Getting a working tool chain to start FPGA programming can often be a challenge, and Amazon have addressed this by offering Amazon Machine Images (AMIs) containing design and verification tools. The FPGAs can be coded using VHDL or Verilog, and verified with Xilinx Vivado Design Suite. Once a design is complete it can be packaged into an Amazon FPGA Image (AFI), which extends on the usual AMI. AFIs can then be listed in the AWS Marketplace so that FPGA based applications can be offered to others.
FPGAs get used in applications where the time investment to program the hardware pays off in scale or latency savings versus software on general purpose CPUs. Typical examples are line speed deep packet inspection in networks (e.g. Xilinx paper [pdf]), low latency trading systems in financial services (e.g. University of Heidelberg paper [pdf]), optimisation of search engines (e.g. Microsoft Project Catapult), and machine learning (e.g. it seems that the Tensor Processing Unit [TPU] was prototyped with FPGA). Some of those use cases are very network centric, which implies that the traffic will need to migrate to the AWS network for FPGA to be useful. For example, AWS would have to displace existing colocation providers as the prefered venue for trading and financial market liquidity for low latency trading to make sense as an application. In the short term, it’s likely that F1 will mostly be used for machine learning and specialist data analysis applications.

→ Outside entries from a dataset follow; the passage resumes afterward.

Lemma singular_remainder_le (lam t0 : R) :
  0 < sin lam -> sin lam <= Rabs (sin ((b - a) / s)) -> a <= t0 <= b ->
  Rabs (y t0 - f t0 / k) <=
    1 / (k * sin lam) * s *
      (Rabs (f1 a) + Rabs (f1 b) + s * (Rabs (f2 a) + mu2 * (b - a)))
    + 1 / k * s * (Rabs (f1 a) + s * (mu1 + Rabs (f2 a) + mu2 * (b - a))).
Proof.
  intros Hlam Hsin Ht0. pose proof s_pos.
  set (X := (Rabs (f1 a) + Rabs (f1 b)) / k + mu2 * s / k * (b - a)).
  assert (Hua : Rabs (u a) <= X / sin lam).
  { apply (Rmult_le_reg_r (sin lam)); [exact Hlam|].
    replace (X / sin lam * sin lam) with X by (field; lra).
    eapply Rle_trans; [|apply amplitude_start_le].
    apply Rmult_le_compat_l; [apply Rabs_pos|exact Hsin]. }
  eapply Rle_trans; [apply remainder_le, Ht0|].
  (* the stated bound exceeds this one by s^2 |f2 a| (1/(k sin lam) + 1/k) *)
  assert (Hgap : 0 <= s * s * Rabs (f2 a) * (1 / (k * sin lam) + 1 / k)).
  { assert (0 < 1 / (k * sin lam)).
    { apply Rdiv_lt_0_compat; [lra|]. apply Rmult_lt_0_compat; assumption. }
    assert (0 < 1 / k) by (apply Rdiv_lt_0_compat; lra).
    repeat apply Rmult_le_pos; try apply Rabs_pos; lra. }
  assert (Hsu : s * Rabs (u a) <= s * (X / sin lam)) by (apply Rmult_le_compat_l; lra).
  match goal with |- _ <= ?rhs =>
    replace rhs with (s * (Rabs (f1 a) / k + X / sin lam + mu2 * s / k * (b - a) + mu1 * s / k)
                      + s * s * Rabs (f2 a) * (1 / (k * sin lam) + 1 / k))
      by (unfold X; field; lra)
  end.
  lra.
Qed.

End Singular_perturbation.

Lemma is_lub_Rabs_le (a b m : R) (g : R -> R) :
  is_lub (fun r => exists t, a <= t <= b /\ r = Rabs (g t)) m ->
  forall t, a <= t <= b -> Rabs (g t) <= m.
Proof. intros [Hub _] t Ht. apply Hub. exists t. split; [exact Ht|reflexivity]. Qed.

Theorem mainTheorem3
  (a b k lam : R) (f f1 f2 f3 : R -> R) (mu1 mu2 eps : R) (n : nat)
  (y y1 y2 : R -> R) (t0 : R) :
  a < b -> 0 < k -> 0 < lam <= PI / 2 ->
  deriv_on a b f f1 -> deriv_on a b f1 f2 -> deriv_on a b f2 f3 ->
  cont_on a b f3 ->
  is_lub (fun r => exists t, a <= t <= b /\ r = Rabs (f2 t)) mu1 ->
  is_lub (fun r => exists t, a <= t <= b /\ r = Rabs (f3 t)) mu2 ->
  J k a b lam n eps ->
  deriv_on a b y y1 -> deriv_on a b y1 y2 ->
  (forall t, a <= t <= b -> eps * y2 t + k * y t = f t) ->
  y1 a = 0 -> y1 b = 0 ->
  a <= t0 <= b ->
  Rabs (y t0 - f t0 / k) <=
    1 / (k * sin lam) * sqrt (eps / k) *
      (Rabs (f1 a) + Rabs (f1 b) + sqrt (eps / k) * (Rabs (f2 a) + mu2 * (b - a)))
    + 1 / k * sqrt (eps / k) *
      (Rabs (f1 a) + sqrt (eps / k) * (mu1 + Rabs (f2 a) + mu2 * (b - a))).
Proof.
  intros Hab Hk Hlam Hf Hf1 Hf2 _ Hmu1 Hmu2 HJ Hy Hy1 Hode Hya Hyb Ht0.
  apply (singular_remainder_le a b k eps mu1 mu2 f f1 f2 f3 y y1 y2);
    try assumption.
  - apply Rlt_le, Hab.
  - exact (J_pos k a b lam eps n Hab Hk Hlam HJ).
  - exact (is_lub_Rabs_le a b mu1 f2 Hmu1).
  - exact (is_lub_Rabs_le a b mu2 f3 Hmu2).
  - apply sin_gt_0; pose proof PI_RGT_0; lra.
  - exact (sin_le_Rabs_sin lam _ n Hlam (J_scaled_length k a b lam eps n Hab Hk Hlam HJ)).
Qed.
(** * Hölder's inequality and the Schur test *)

Lemma rpow_amgm3 (a b c x y z : R) :
  0 <= a -> 0 <= b -> 0 <= c -> a + b + c = 1 -> 0 <= x -> 0 <= y -> 0 <= z ->
  rpow x a * rpow y b * rpow z c <= a * x + b * y + c * z.
Proof.
  intros Ha Hb Hc Habc Hx Hy Hz.
  destruct (Req_dec x 0) as [->|Hx0]; [rewrite rpow_0_l; nra|].
  destruct (Req_dec y 0) as [->|Hy0]; [rewrite rpow_0_l; nra|].
  destruct (Req_dec z 0) as [->|Hz0]; [rewrite rpow_0_l; nra|].
  set (S := a * x + b * y + c * z).
  assert (HS : 0 < S).
  { set (mn := Rmin x (Rmin y z)).
    assert (0 < mn) by (apply Rmin_glb_lt; [|apply Rmin_glb_lt]; lra).
    assert (mn <= x /\ mn <= y /\ mn <= z) as (? & ? & ?).
    { unfold mn. pose proof (Rmin_l x (Rmin y z)). pose proof (Rmin_r x (Rmin y z)).
      pose proof (Rmin_l y z). pose proof (Rmin_r y z). lra. }
    assert (a * mn + b * mn + c * mn = mn) by (rewrite <- !Rmult_plus_distr_r, Habc; ring).
    assert (a * mn <= a * x) by (apply Rmult_le_compat_l; lra).
    assert (b * mn <= b * y) by (apply Rmult_le_compat_l; lra).
    assert (c * mn <= c * z) by (apply Rmult_le_compat_l; lra).
    unfold S. lra. }
  (* concavity of [ln]: its tangent at [S] lies above it *)
  pose proof (ln_sub_le S x HS ltac:(lra)). pose proof (ln_sub_le S y HS ltac:(lra)).
  pose proof (ln_sub_le S z HS ltac:(lra)).
  assert (Hlog : a * ln x + b * ln y + c * ln z <= ln S).
  { apply Rle_trans with (a * (ln S + x / S - 1) + b * (ln S + y / S - 1) + c * (ln S + z / S - 1)).
    - apply Rplus_le_compat; [apply Rplus_le_compat|]; apply Rmult_le_compat_l; lra.
    - right. replace (a * (ln S + x / S - 1) + b * (ln S + y / S - 1) + c * (ln S + z / S - 1))
        with ((a + b + c) * (ln S - 1) + (a * x + b * y + c * z) / S) by (field; lra).
      change (a * x + b * y + c * z) with S. rewrite Habc. field. lra. }
  rewrite !rpow_Rpower by lra. unfold Rpower. rewrite <- !exp_plus, <- (exp_ln S) by exact HS.
  apply exp_le_compat. lra.
Qed.
(* Let $\rho_1\in(0,1)$, $\rho_2\in(0,1-\rho_1)$ and let $\eta$ be a sample of $\mu^{\rho_1,\rho_2}$. There are constants $C,c>0$ such that for each interval $I\subseteq\mathbb{Z}$ of length $|I|=\ell$, \[ \mathbb{P}(\exists i\in I:\ \eta(i)=2)\ge1-Ce^{-c\ell}. \]
   Context: $\mu^{\rho_1,\rho_2}$ (queueing construction): let $(a(i))_{i\in\mathbb{Z}}$, $(s(i))_{i\in\mathbb{Z}}$ be independent families of i.i.d. Bernoulli variables with parameters $\rho_1$ and $\rho_1+\rho_2$; $\mathcal{A}_{[i,j]}=\sum_{k=i}^ja(k)$, $\mathcal{S}_{[i,j]}=\sum_{k=i}^js(k)$ (empty sums $0$); $Q_i=\sup_{j\ge i-1}(\mathcal{A}_{[i,j]}-\mathcal{S}_{[i,j]})$; $d(i)=1$ iff $s(i)=1$ and ($a(i)=1$ or $Q_{i+1}\ge1$) (equivalently, each $i$ with $a(i)=1$ is matched to the largest $j\le i$ with $s(j)=1$ not yet matched, and $d=1$ at matched sites). Set $\eta(i)=1$ if $d(i)=1$, $\eta(i)=2$ if $s(i)=1,d(i)=0$, $\eta(i)=+\infty$ if $s(i)=0$; $\mu^{\rho_1,\rho_2}$ is the law of $\eta$ (the translation-invariant stationary measure of the two-species TASEP; value $2$ = second class particle). An interval of length $\ell$ means $I=[u,v]\cap\mathbb{Z}$ with $v-u=\ell$. *)

From HB Require Import structures.
From mathcomp Require Import all_boot all_order all_algebra.
From mathcomp Require Import all_classical all_reals all_analysis.
Set Implicit Arguments. Unset Strict Implicit. Unset Printing Implicit Defensive.
Import Order.TTheory GRing.Theory Num.Theory.
Local Open Scope classical_set_scope.
Local Open Scope ring_scope.

(* The site-values of the two-species TASEP: 1 (first class), 2 (second
   class), +infinity (hole). *)
Inductive species := First | Second | Hole.

Section Queue.
Context {T : Type}.

Definition segcount (x : int -> T -> bool) (i j : int) (t : T) : nat :=
  if @Order.lt _ int j i then 0%N
  else (\sum_(0 <= k < absz (j - i + 1)%R) (x (i + k%:Z)%R t : nat))%N.

Definition Qlen (R : realType) (a s : int -> T -> bool) (i : int) (t : T)
  : \bar R :=
  ereal_sup [set ((segcount a i j t)%:R - (segcount s i j t)%:R)%:E
            | j in [set j : int | (i - 1 <= j)%R]].

Definition dep (R : realType) (a s : int -> T -> bool) (i : int) (t : T)
  : Prop :=
  s i t /\ (a i t \/ (1%:E <= Qlen R a s (i + 1) t)%E).

Definition eta_tasep (R : realType) (a s : int -> T -> bool) (i : int) (t : T)
  : species :=
  if pselect (dep R a s i t) then First
  else if s i t then Second else Hole.
End Queue.

Definition joint {T : Type} (a s : int -> T -> bool) (k : int + int) : T -> bool :=
  match k with inl i => a i | inr i => s i end.

Definition mutually_independent_bool {R : realType} {d : measure_display}
  {T : measurableType d} (P : probability T R) {I : eqType}
  (X : I -> T -> bool) : Prop :=
  forall (F : seq I) (b : I -> bool), uniq F ->
    P (\big[setI/setT]_(k <- F) [set t | X k t = b k]) =
    (\prod_(k <- F) P [set t | X k t = b k])%E.

Definition queue_input {R : realType} {d : measure_display}
  {T : measurableType d} (P : probability T R) (rho1 rho2 : R)
  (a s : int -> T -> bool) : Prop :=
  [/\ forall k, measurable [set t | joint a s k t],
      forall i, P [set t | a i t] = rho1%:E,
      forall i, P [set t | s i t] = (rho1 + rho2)%:E
    & mutually_independent_bool P (joint a s)].

From HB Require Import structures.
From mathcomp Require Import all_boot all_order all_algebra.
From mathcomp Require Import all_classical all_reals all_analysis.
From mathcomp Require Import zify ring lra.
Import Order.TTheory GRing.Theory Num.Theory.
Local Open Scope classical_set_scope.
Local Open Scope ring_scope.
Set Implicit Arguments. Unset Strict Implicit. Unset Printing Implicit Defensive.

(* If the window [u, u + L] contains no second class particle, every service
   s(i) = 1 in it is matched: either a(i) = 1, or Q_{i+1} >= 1, i.e. some block
   [i + 1, i + m] carries more arrivals than services.  Chaining these blocks
   from u yields some N > L with S_[u, u+N) <= A_[u, u+N).  Services have the
   larger rate rho1 + rho2 > rho1, so an exponential Chernoff bound gives
   P(S_[u, u+N) <= A_[u, u+N)) <= r^N for some r < 1, and summing over N > L
   bounds the probability of no second class particle by r^L / (1 - r). *)

Definition wcount (f : int -> bool) (i : int) (n : nat) : nat :=
  (\sum_(0 <= k < n) (f (i + k%:Z)%R : nat))%N.

Lemma wcount0 f i : wcount f i 0 = 0%N.
Proof. by rewrite /wcount big_geq. Qed.

Lemma wcount1 f i : wcount f i 1 = f i.
Proof. by rewrite /wcount big_nat1 addr0. Qed.

Lemma wcountD f i n m : wcount f i (n + m) = (wcount f i n + wcount f (i + n%:Z) m)%N.
Proof.
rewrite /wcount (@big_cat_nat _ _ _ n) ?leq_addr //=; congr (_ + _)%N.
rewrite -{1}(add0n n) big_addn addKn; apply: eq_bigr => k _.
by rewrite PoszD addrA addrAC.
Qed.

Lemma wcountS f i n : wcount f i n.+1 = (f i + wcount f (i + 1) n)%N.
Proof. by rewrite -add1n wcountD wcount1. Qed.

Lemma eq_wcount f g i n : (forall k, (k < n)%N -> f (i + k%:Z) = g (i + k%:Z)) ->
  wcount f i n = wcount g i n.
Proof. by move=> fg; apply: eq_big_nat => k /andP[_ /fg ->]. Qed.

Lemma segcount_wcount {T} (x : int -> T -> bool) (i j : int) t : i - 1 <= j ->
  segcount x i j t = wcount (x^~ t) i `|j - i + 1|.
Proof.
rewrite /segcount; case: ifP => // ji ij.
have -> : j - i + 1 = 0 by lia.
by rewrite wcount0.
Qed.

Lemma wcount_chain (a s : int -> bool) (u : int) (L : nat) :
  (forall n : nat, (n <= L)%N -> s (u + n%:Z) ->
     exists2 m, (0 < m)%N & (wcount s (u + n%:Z) m <= wcount a (u + n%:Z) m)%N) ->
  exists2 N, (L < N)%N & (wcount s u N <= wcount a u N)%N.
Proof.
move=> block.
suff ext k n : (L.+1 - n <= k)%N -> (wcount s u n <= wcount a u n)%N ->
    exists2 N, (L < N)%N & (wcount s u N <= wcount a u N)%N.
  by apply: (ext L.+1 0%N); rewrite ?subn0 ?wcount0.
elim: k n => [|k IH] n nk balanced; first by exists n => //; lia.
have [Ln|nL] := ltnP L n; first by exists n.
case sn: (s (u + n%:Z)).
- have [m m0 bm] := block n nL sn.
  by apply: (IH (n + m)%N); [lia | rewrite wcountD [X in (_ <= X)%N]wcountD leq_add].
- apply: (IH n.+1); first lia.
  by rewrite -addn1 wcountD [X in (_ <= X)%N]wcountD !wcount1 sn leq_add.
Qed.

Lemma Qlen_ge1P (R : realType) {T} (a s : int -> T -> bool) (i : int) t :
  (1 <= Qlen R a s (i + 1) t)%E <->
  exists m, (wcount (s^~ t) (i + 1) m < wcount (a^~ t) (i + 1) m)%N.
Proof.
rewrite /Qlen; split.
- move=> Q1.
  (* The values in the supremum are integers, so exceeding 1/2 means being positive. *)
  have half_lt1 : ((2^-1)%:E < (1 : \bar R))%E by rewrite lte_fin; lra.
  have [_ [j /= ij <-]] := ereal_sup_gt (lt_le_trans half_lt1 Q1).
  rewrite lte_fin !segcount_wcount // => gt_half.
  exists (absz (j - (i + 1) + 1)).
  by rewrite -(ltr_nat R) -subr_gt0 (lt_trans _ gt_half) // invr_gt0.
- move=> [m lt_m]; apply: le_trans (ereal_sup_ubound _); last first.
    by exists (i + m%:Z); [rewrite /=; lia | reflexivity].
  rewrite lee_fin !segcount_wcount; try lia.
  have -> : absz (i + m%:Z - (i + 1) + 1) = m by lia.
  by rewrite lerBrDr addrC natr1 ler_nat.
Qed.

Lemma eta_tasep_SecondP (R : realType) {T} (a s : int -> T -> bool) (i : int) t :
  eta_tasep R a s i t = Second <->
  [/\ s i t, ~~ a i t &
      forall m, (wcount (a^~ t) (i + 1) m <= wcount (s^~ t) (i + 1) m)%N].
Proof.
rewrite /eta_tasep; case: pselect => [[si [ai|/Qlen_ge1P[m lt_m]]]|not_dep] /=.
- by split => // -[_]; rewrite ai.
- by split => // -[_ _ /(_ m)]; rewrite leqNgt lt_m.
- case si: (s i t); last by split => // -[].
  split => // _; split => //.
  + by apply/negP => ai; apply: not_dep; split; [|left].
  + move=> m; rewrite leqNgt; apply/negP => lt_m.
    by apply: not_dep; split; last by right; apply/Qlen_ge1P; exists m.
Qed.

Lemma no_second_balance (R : realType) {T} (a s : int -> T -> bool) (u : int) (L : nat) t :
  ~ (exists i, u <= i <= u + L%:Z /\ eta_tasep R a s i t = Second) ->
  exists2 N, (L < N)%N & (wcount (s^~ t) u N <= wcount (a^~ t) u N)%N.
Proof.
move=> no_second; apply: wcount_chain => n nL sn.
have not_second : ~ eta_tasep R a s (u + n%:Z) t = Second.
  by move=> second; apply: no_second; exists (u + n%:Z); split => //; lia.
case an: (a (u + n%:Z) t); first by exists 1%N; rewrite // !wcount1 /= an leq_b1.
pose excess m := (wcount (s^~ t) (u + n%:Z + 1) m < wcount (a^~ t) (u + n%:Z + 1) m)%N.
have [[m lt_m]|never] := pselect (exists m, excess m).
  by exists m.+1; rewrite // !wcountS /= sn an.
exfalso; apply/not_second/eta_tasep_SecondP; split; rewrite ?an //.
by move=> m; rewrite leqNgt; apply/negP => lt_m; apply: never; exists m.
Qed.

Lemma eta_with_notin (I : eqType) (U : Type) (c : I -> U) k b (H : seq I) :
  k \notin H -> {in H, [eta c with k |-> b] =1 c}.
Proof. by move=> kH j jH /=; case: eqP jH kH => // -> ->. Qed.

One of the surprises with F1 is that it isn’t based on Intel’s Xeon chips that combine CPU and FPGA on the same die, which comes as a result of Intel’s acquisition of Altera in 2015; so perhaps there will be an F2 instance type not too far away. The availability of FPGAs as a service will also significantly reduce the cost of entry barriers to using the technology, which could spur a fresh round of effort towards simplifying the developer experience. One early sign of this happening is Reconfigure.io announcement of a platform that provides Go language support for FPGA accelerators, so Communication Sequential Goroutines in software could become Communication Parallel Goroutines in silicon. It's also worth noting that development boards like MyStorm are making FPGAs and their development to hopbbyists and ethusiasts.